Jurassic Park
- First edition cover
- Author: Michael Crichton
- Cover artist: Chip Kidd
- Language: English
- Genre: Science fiction
- Publisher: Alfred A. Knopf
- Publication date: October 1990
- Publication place: United States
- Media type: Print (hardcover and paperback)
- Pages: 399
- ISBN: 0-394-58816-9
- OCLC: 22511027
- Dewey Decimal: 813/.54 20
- LC Class: PS3553.R48 J87 1990
- Followed by: The Lost World

= Jurassic Park (novel) =

1990 science fiction novel by Michael Crichton

Jurassic Park is a 1990 science fiction novel written by Michael Crichton; it is a cautionary tale about genetic engineering that presents the collapse of a zoological park which showcases genetically recreated dinosaurs to illustrate the mathematical concept of chaos theory (Note: Chaos theory was a fashionable field in the 1990s) and its real-world implications.

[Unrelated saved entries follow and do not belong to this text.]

Lemma sumR_increment_moment p d n z : 0 < p -> (d <= n)%nat ->
  sumR (fun s => rpow (Rabs (coord s d - coord s 0)) p) (paths n z)
  <= moment_const p * rpow (INR d) (p / 2) * INR (npaths n z).
Proof.
intros Hp Hdn.
destruct d as [|d'].
{ change (INR 0) with 0; rewrite rpow_0, Rmult_0_r, Rmult_0_l.
  apply Rle_trans with (sumR (fun _ => 0) (paths n z)); [|rewrite sumR_const; lra].
  apply sumR_le; intros s _; rewrite Rminus_diag, Rabs_R0, rpow_0; lra. }
set (d := S d') in *.
assert (Hd : 1 <= INR d) by (apply (le_INR 1); unfold d; lia).
assert (Hsqrt : 1 <= sqrt (INR d)) by (rewrite <- sqrt_1; apply sqrt_le_1; lra).
set (lam := / (2 * sqrt (INR d))).
assert (Hlam : 0 < lam) by (apply Rinv_0_lt_compat; lra).
assert (Hlam2 : lam ^ 2 * INR d = 1 / 4).
{ unfold lam; rewrite <- (pow2_sqrt (INR d)) at 2 by lra; field; lra. }
assert (Hscale : Rpower (p / lam) p = Rpower (2 * p) p * Rpower (INR d) (p / 2)).
{ replace (p / lam) with (2 * p * Rpower (INR d) (/ 2))
    by (rewrite Rpower_sqrt by lra; unfold lam; field; lra).
  rewrite <- Rpower_mult_distr, Rpower_mult by (try apply exp_pos; lra).
  unfold Rdiv; rewrite (Rmult_comm (/ 2) p); ring. }
assert (Hgrowth : cosh_growth lam ^ d <= exp (5 / 4)).
{ replace (5 / 4) with (5 * lam ^ 2 * INR d) by (rewrite Rmult_assoc, Hlam2; field).
  apply cosh_growth_pow_le; split; [lra|].
  unfold lam; rewrite Rinv_mult; apply Rle_trans with (/ 2 * 1); [|lra].
  apply Rmult_le_compat_l; [lra|]; rewrite <- Rinv_1; apply Rinv_le_contravar; lra. }
assert (Hcosh := sumR_cosh_le lam d (Rlt_le _ _ Hlam) n z z Hdn).
rewrite Rminus_diag, Rmult_0_r, cosh_0, Rmult_1_r in Hcosh.
apply Rle_trans
  with (sumR (fun s => 2 * Rpower (p / lam) p * cosh (lam * (coord s d - INR z))) (paths n z)).
{ apply sumR_le; intros s Hs; rewrite (paths_head _ _ _ Hs); apply rpow_abs_le_cosh; lra. }
rewrite sumR_scal, rpow_pos, Hscale by lra; unfold moment_const.
apply Rle_trans
  with (2 * (Rpower (2 * p) p * Rpower (INR d) (p / 2)) * (exp (5 / 4) * INR (npaths n z))).
- apply Rmult_le_compat_l; [rewrite <- Hscale; left; apply Rmult_lt_0_compat, exp_pos; lra|].
  apply Rle_trans with (1 := Hcosh), Rmult_le_compat_r, Hgrowth; apply pos_INR.
- right; ring.
Qed.

Theorem corollaryA10 :
  forall p : R, 0 < p ->
  exists Cp : R, 0 < Cp /\
    forall (x m k n : nat), (m <= k)%nat -> (k <= n)%nat ->
      Exp n x (fun s => rpow (Rabs (coord s k - coord s m)) p)
        <= Cp * rpow (INR (k - m)) (p / 2).
Proof.
intros p Hp; exists (moment_const p); split; [apply moment_const_pos|].
intros x m k n Hmk Hkn; apply Exp_le.
set (g := fun s => rpow (Rabs (coord s (k - m) - coord s 0)) p).
apply Rle_trans with (sumR (fun s => g (skipn m s)) (paths n x)).
- apply sumR_le; intros s _; unfold g; rewrite !coord_skipn, Nat.add_0_r.
  replace (m + (k - m))%nat with k by lia; lra.
- apply sumR_skipn_le; [lia|]; intro z.
  apply sumR_increment_moment; [exact Hp|lia].
Qed.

A sequel titled The Lost World, also written by Crichton, was published in 1995.

Jurassic Park received a 1993 film adaptation directed by Steven Spielberg. The film was a critical and commercial success, becoming the highest-grossing film ever at the time and spawning the Jurassic Park franchise, including multiple film sequels.

==Plot==
In 1989, strange animal attacks occur throughout Costa Rica. Evidence points to Procompsognathus, an extinct dinosaur. Paleontologist Alan Grant and his paleobotanist colleague Ellie Sattler meet with an EPA official to discuss the attacks, but are abruptly whisked away by billionaire John Hammond, the founder of bioengineering firm InGen, for a weekend visit to a biological preserve he has established on the remote island of Isla Nublar.

The preserve is a cover for the construction of "Jurassic Park", a theme park showcasing living dinosaurs recreated using ancient DNA found in the blood inside insects that were fossilized and preserved in amber. Gaps in the genetic code were filled in with reptilian, avian, or amphibian DNA. To control breeding, the park's specimens are raised as females with a genetic flaw that makes them lysine deficient and unable to survive outside captivity.

The recent attacks have made Hammond's investors skittish. Hammond requests that Grant and Sattler tour the park and endorse it. They are joined by mathematician and chaos theorist Ian Malcolm, and a lawyer representing the investors, Donald Gennaro, both of whom are pessimistic about the park. Hammond also invites his grandchildren, Tim and Alexis 'Lex' Murphy, to join the tour. The park staff comprise senior engineer John Arnold, biotechnologist Henry Wu, game warden Robert Muldoon, PR director Ed Regis, chief programmer Dennis Nedry, veterinarian Harding, and several laborers.

While touring the park, Grant finds a Velociraptor eggshell, seemingly proving Malcolm's assertion that the dinosaurs are breeding. Grant deduces that using frog DNA to fill gaps in the dinosaurs' genetic code resulted in an environment that was conducive to dichogamy; some of the female dinosaurs became males and established a breeding population. The park's automated tally system failed to account for the newborns, having been programmed to allow operators to input the expected number of dinosaurs.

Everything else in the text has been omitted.